[Opening EXCERPTED RECORDS section]

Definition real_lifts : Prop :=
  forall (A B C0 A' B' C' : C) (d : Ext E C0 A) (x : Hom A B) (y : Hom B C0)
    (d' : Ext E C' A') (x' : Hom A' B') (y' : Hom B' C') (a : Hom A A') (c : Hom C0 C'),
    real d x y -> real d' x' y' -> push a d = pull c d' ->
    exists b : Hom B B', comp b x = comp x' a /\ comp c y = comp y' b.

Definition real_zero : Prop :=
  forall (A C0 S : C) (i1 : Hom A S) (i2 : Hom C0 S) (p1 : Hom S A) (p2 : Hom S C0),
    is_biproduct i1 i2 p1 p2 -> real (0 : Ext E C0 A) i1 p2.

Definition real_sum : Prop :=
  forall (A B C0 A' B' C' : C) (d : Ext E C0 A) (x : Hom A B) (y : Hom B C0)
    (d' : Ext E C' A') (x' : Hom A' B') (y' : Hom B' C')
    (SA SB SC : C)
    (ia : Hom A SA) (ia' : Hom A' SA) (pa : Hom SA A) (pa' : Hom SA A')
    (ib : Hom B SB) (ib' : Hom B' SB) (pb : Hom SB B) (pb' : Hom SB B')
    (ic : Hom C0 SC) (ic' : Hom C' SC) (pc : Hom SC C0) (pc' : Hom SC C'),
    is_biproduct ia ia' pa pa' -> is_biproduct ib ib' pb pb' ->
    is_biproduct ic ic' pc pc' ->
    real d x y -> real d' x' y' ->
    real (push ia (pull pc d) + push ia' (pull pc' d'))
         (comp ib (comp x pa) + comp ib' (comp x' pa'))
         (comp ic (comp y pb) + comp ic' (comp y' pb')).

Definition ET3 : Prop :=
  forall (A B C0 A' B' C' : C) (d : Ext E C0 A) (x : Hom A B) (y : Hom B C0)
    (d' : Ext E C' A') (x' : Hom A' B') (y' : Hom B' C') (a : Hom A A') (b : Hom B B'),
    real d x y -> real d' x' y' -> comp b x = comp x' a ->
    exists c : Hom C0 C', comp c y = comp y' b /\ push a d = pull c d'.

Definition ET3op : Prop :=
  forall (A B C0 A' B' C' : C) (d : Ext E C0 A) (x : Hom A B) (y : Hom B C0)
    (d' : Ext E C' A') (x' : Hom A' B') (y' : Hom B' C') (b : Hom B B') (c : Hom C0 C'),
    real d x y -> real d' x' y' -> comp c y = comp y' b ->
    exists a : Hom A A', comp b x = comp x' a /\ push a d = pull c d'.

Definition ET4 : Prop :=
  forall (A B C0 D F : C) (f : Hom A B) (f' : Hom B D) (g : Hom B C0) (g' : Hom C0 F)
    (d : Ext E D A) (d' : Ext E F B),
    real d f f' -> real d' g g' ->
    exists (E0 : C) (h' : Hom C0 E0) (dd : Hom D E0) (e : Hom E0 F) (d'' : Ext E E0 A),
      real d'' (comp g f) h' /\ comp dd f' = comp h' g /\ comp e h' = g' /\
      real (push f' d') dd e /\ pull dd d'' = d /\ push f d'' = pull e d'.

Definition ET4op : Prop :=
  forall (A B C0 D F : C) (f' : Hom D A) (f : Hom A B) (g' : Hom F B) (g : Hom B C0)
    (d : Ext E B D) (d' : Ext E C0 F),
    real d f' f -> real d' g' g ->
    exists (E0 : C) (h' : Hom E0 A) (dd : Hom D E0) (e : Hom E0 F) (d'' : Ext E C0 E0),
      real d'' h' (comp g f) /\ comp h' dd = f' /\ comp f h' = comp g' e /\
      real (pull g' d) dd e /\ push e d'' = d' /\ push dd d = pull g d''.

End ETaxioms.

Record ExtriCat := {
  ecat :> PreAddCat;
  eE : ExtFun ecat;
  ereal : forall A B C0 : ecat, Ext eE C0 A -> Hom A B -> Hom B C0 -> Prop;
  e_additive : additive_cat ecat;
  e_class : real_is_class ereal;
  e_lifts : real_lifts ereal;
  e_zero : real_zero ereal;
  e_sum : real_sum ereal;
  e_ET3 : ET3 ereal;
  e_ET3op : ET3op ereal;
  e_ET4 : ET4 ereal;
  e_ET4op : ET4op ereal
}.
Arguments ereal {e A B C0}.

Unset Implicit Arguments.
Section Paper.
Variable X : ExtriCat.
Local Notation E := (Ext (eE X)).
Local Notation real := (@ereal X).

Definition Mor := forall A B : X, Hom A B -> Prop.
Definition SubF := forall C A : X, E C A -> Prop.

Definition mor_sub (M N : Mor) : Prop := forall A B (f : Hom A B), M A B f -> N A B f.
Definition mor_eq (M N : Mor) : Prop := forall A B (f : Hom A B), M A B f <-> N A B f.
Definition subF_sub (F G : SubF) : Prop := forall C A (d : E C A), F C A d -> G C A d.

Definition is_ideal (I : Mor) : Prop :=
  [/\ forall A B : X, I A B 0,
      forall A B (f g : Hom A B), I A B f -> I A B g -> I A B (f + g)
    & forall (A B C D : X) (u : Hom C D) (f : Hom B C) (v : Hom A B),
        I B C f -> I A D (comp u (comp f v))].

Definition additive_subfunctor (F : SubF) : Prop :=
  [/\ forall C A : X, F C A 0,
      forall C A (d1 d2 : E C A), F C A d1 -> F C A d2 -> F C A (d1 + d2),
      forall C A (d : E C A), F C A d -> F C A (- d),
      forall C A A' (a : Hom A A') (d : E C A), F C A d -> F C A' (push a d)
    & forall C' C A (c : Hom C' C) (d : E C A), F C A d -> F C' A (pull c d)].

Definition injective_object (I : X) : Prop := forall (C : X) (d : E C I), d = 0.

[Closing EXCERPTED RECORDS section]
[Opening EXCERPTED RECORDS section]

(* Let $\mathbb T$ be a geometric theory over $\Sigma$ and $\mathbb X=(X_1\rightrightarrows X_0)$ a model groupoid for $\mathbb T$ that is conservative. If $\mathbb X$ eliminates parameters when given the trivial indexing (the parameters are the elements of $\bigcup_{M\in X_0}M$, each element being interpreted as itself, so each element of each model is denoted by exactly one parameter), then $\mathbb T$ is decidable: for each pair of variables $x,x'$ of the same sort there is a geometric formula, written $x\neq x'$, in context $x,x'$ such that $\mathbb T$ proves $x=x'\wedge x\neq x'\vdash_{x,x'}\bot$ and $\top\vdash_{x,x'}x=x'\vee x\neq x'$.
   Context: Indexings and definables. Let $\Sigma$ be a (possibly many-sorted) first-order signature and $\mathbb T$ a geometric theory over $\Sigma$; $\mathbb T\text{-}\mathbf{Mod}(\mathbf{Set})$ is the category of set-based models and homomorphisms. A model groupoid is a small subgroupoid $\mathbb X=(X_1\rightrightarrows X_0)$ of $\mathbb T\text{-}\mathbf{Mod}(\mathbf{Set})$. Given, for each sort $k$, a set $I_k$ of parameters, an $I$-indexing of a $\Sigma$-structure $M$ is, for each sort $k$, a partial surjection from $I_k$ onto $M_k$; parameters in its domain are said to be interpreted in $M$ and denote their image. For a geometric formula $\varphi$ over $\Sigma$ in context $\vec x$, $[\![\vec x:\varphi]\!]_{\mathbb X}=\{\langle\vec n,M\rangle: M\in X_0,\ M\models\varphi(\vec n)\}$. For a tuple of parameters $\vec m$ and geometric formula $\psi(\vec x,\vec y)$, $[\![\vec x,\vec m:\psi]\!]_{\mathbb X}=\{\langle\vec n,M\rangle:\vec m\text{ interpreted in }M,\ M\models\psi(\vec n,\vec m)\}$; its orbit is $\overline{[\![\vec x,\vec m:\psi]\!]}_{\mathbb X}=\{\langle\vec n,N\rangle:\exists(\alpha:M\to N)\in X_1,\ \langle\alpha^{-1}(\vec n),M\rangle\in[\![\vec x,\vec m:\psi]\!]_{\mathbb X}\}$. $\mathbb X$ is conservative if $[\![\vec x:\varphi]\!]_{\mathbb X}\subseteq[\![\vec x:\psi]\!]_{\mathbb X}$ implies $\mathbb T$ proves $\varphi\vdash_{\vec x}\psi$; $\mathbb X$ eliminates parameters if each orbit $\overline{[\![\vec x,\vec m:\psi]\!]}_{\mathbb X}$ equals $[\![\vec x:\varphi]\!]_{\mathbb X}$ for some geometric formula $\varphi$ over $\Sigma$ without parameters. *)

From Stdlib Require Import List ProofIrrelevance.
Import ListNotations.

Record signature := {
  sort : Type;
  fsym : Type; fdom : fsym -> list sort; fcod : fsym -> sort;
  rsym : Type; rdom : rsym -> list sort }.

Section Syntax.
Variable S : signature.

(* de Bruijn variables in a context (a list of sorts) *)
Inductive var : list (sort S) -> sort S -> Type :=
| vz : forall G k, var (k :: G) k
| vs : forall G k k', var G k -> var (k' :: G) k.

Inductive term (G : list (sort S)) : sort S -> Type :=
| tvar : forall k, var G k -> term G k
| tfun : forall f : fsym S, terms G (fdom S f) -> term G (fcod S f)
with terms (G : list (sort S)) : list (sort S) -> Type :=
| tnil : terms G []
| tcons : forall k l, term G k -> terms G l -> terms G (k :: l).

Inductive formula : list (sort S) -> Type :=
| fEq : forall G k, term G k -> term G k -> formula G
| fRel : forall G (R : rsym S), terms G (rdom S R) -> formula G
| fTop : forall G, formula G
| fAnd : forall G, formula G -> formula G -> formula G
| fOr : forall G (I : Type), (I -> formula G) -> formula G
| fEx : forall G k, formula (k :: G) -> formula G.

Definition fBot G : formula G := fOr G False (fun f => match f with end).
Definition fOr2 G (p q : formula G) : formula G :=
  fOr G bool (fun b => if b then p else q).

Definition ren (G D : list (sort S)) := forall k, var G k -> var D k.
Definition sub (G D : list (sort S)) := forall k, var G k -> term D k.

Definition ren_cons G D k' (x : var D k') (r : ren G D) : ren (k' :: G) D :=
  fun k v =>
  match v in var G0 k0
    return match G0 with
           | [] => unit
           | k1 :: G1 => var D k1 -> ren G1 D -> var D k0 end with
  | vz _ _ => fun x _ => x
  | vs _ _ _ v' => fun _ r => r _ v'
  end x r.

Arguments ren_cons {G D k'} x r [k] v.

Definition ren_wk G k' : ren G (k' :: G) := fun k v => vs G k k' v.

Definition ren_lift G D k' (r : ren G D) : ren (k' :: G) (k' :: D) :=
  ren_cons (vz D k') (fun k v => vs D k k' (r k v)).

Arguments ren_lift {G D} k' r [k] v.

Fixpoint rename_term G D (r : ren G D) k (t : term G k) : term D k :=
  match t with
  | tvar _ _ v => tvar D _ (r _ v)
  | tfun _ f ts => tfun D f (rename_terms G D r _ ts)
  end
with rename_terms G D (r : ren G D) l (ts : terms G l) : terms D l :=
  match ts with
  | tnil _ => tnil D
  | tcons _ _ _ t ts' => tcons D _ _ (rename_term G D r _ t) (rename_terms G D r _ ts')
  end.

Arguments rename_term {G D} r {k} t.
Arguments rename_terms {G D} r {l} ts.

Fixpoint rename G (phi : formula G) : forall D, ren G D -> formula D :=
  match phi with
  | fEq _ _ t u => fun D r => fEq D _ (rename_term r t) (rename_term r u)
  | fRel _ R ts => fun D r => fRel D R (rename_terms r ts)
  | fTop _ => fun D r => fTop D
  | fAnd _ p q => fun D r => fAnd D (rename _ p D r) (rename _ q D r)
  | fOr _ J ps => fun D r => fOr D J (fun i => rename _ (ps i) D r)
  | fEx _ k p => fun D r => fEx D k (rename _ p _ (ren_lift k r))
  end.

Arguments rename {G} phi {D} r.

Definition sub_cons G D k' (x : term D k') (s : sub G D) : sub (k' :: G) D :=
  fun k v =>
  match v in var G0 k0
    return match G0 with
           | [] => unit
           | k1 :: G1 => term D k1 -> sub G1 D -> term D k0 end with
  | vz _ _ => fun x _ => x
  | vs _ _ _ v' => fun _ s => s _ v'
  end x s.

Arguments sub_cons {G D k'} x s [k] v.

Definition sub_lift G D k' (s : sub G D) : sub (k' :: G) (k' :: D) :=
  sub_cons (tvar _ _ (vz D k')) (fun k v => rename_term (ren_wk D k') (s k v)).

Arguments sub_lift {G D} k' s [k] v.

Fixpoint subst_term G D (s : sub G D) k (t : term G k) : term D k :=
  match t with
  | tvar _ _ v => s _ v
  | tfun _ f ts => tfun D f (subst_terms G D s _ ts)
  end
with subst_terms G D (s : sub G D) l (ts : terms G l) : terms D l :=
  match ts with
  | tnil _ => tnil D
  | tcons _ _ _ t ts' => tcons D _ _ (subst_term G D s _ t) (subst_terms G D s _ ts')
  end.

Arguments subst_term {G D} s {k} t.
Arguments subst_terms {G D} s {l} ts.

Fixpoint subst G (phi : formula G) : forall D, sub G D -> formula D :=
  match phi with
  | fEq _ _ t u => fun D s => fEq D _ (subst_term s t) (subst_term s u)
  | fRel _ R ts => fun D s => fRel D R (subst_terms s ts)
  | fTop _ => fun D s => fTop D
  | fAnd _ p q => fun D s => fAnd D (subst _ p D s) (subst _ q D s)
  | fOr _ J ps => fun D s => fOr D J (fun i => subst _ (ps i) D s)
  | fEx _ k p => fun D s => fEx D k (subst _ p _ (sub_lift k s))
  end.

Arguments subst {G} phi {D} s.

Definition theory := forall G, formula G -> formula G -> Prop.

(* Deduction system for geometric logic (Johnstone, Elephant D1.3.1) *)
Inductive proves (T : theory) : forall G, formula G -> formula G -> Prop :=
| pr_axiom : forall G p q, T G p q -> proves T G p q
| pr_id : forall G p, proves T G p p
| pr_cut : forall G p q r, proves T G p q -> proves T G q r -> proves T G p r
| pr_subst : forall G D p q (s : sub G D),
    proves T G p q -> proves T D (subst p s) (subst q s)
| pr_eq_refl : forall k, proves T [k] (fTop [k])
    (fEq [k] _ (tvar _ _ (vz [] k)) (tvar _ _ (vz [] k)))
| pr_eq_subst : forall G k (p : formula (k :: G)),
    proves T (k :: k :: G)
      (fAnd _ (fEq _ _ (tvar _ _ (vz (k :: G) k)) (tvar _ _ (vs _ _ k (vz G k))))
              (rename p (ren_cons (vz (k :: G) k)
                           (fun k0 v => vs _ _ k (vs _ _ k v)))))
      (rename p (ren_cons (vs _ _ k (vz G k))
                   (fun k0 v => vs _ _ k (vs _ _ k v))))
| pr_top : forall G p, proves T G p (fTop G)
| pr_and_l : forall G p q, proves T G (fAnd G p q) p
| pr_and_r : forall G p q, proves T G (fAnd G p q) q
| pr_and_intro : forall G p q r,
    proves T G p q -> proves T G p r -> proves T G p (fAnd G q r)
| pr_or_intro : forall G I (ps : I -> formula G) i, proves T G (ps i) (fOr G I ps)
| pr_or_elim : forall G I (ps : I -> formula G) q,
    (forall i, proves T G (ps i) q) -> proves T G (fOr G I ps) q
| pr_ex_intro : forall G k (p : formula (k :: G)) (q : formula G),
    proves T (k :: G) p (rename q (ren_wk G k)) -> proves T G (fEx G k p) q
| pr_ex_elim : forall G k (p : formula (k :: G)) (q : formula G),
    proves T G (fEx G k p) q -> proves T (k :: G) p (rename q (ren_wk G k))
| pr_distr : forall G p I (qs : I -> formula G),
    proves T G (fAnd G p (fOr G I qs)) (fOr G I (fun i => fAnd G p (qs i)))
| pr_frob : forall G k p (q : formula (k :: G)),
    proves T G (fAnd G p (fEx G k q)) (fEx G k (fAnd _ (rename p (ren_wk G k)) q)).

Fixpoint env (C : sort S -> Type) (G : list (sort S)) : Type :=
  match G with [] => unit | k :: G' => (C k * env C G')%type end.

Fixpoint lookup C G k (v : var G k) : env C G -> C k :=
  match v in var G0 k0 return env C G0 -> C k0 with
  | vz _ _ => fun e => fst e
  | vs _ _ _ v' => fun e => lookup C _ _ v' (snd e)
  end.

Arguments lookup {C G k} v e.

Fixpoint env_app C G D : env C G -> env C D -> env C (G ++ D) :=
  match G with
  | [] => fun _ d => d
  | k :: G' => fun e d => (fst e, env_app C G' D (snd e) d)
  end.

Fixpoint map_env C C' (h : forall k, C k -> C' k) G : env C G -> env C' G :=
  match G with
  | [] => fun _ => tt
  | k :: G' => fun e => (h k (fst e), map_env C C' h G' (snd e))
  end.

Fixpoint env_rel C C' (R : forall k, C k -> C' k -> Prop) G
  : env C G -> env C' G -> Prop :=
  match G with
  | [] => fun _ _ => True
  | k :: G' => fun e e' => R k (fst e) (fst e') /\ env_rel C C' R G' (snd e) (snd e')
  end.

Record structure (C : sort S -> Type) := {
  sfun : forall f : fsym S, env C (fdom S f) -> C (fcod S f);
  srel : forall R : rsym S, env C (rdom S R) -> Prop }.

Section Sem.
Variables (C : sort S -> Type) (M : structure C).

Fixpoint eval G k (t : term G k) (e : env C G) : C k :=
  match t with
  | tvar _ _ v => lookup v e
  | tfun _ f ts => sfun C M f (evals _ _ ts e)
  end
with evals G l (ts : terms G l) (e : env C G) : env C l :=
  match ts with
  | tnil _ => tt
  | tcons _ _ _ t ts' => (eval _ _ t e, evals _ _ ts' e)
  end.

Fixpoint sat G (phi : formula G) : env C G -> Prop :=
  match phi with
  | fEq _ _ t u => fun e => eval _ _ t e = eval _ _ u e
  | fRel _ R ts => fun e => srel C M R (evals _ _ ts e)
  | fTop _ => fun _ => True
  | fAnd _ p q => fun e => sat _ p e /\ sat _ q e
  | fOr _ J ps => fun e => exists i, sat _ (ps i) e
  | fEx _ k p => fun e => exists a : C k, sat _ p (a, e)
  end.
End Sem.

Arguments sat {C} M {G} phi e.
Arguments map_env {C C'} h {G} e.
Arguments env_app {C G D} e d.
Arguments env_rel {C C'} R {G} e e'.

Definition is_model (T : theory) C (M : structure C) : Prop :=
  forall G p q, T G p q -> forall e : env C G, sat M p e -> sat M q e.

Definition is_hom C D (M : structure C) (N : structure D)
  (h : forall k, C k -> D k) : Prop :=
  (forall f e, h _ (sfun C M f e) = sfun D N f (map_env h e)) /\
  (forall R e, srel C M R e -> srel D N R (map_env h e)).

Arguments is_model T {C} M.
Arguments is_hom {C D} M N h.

[Closing EXCERPTED RECORDS section]

» **ASSIGNMENT**
Look above for the line that contains "Definition real_lifts : Prop". Starting there, transcribe every line exactly until you have copied the line that contains "(ib : Hom B".

» **OUTPUT OF THE EXERCISE**
Definition real_lifts : Prop :=
  forall (A B C0 A' B' C' : C) (d : Ext E C0 A) (x : Hom A B) (y : Hom B C0)
    (d' : Ext E C' A') (x' : Hom A' B') (y' : Hom B' C') (a : Hom A A') (c : Hom C0 C'),
    real d x y -> real d' x' y' -> push a d = pull c d' ->
    exists b : Hom B B', comp b x = comp x' a /\ comp c y = comp y' b.

Definition real_zero : Prop :=
  forall (A C0 S : C) (i1 : Hom A S) (i2 : Hom C0 S) (p1 : Hom S A) (p2 : Hom S C0),
    is_biproduct i1 i2 p1 p2 -> real (0 : Ext E C0 A) i1 p2.

Definition real_sum : Prop :=
  forall (A B C0 A' B' C' : C) (d : Ext E C0 A) (x : Hom A B) (y : Hom B C0)
    (d' : Ext E C' A') (x' : Hom A' B') (y' : Hom B' C')
    (SA SB SC : C)
    (ia : Hom A SA) (ia' : Hom A' SA) (pa : Hom SA A) (pa' : Hom SA A')
    (ib : Hom B SB) (ib' : Hom B' SB) (pb : Hom SB B) (pb' : Hom SB B')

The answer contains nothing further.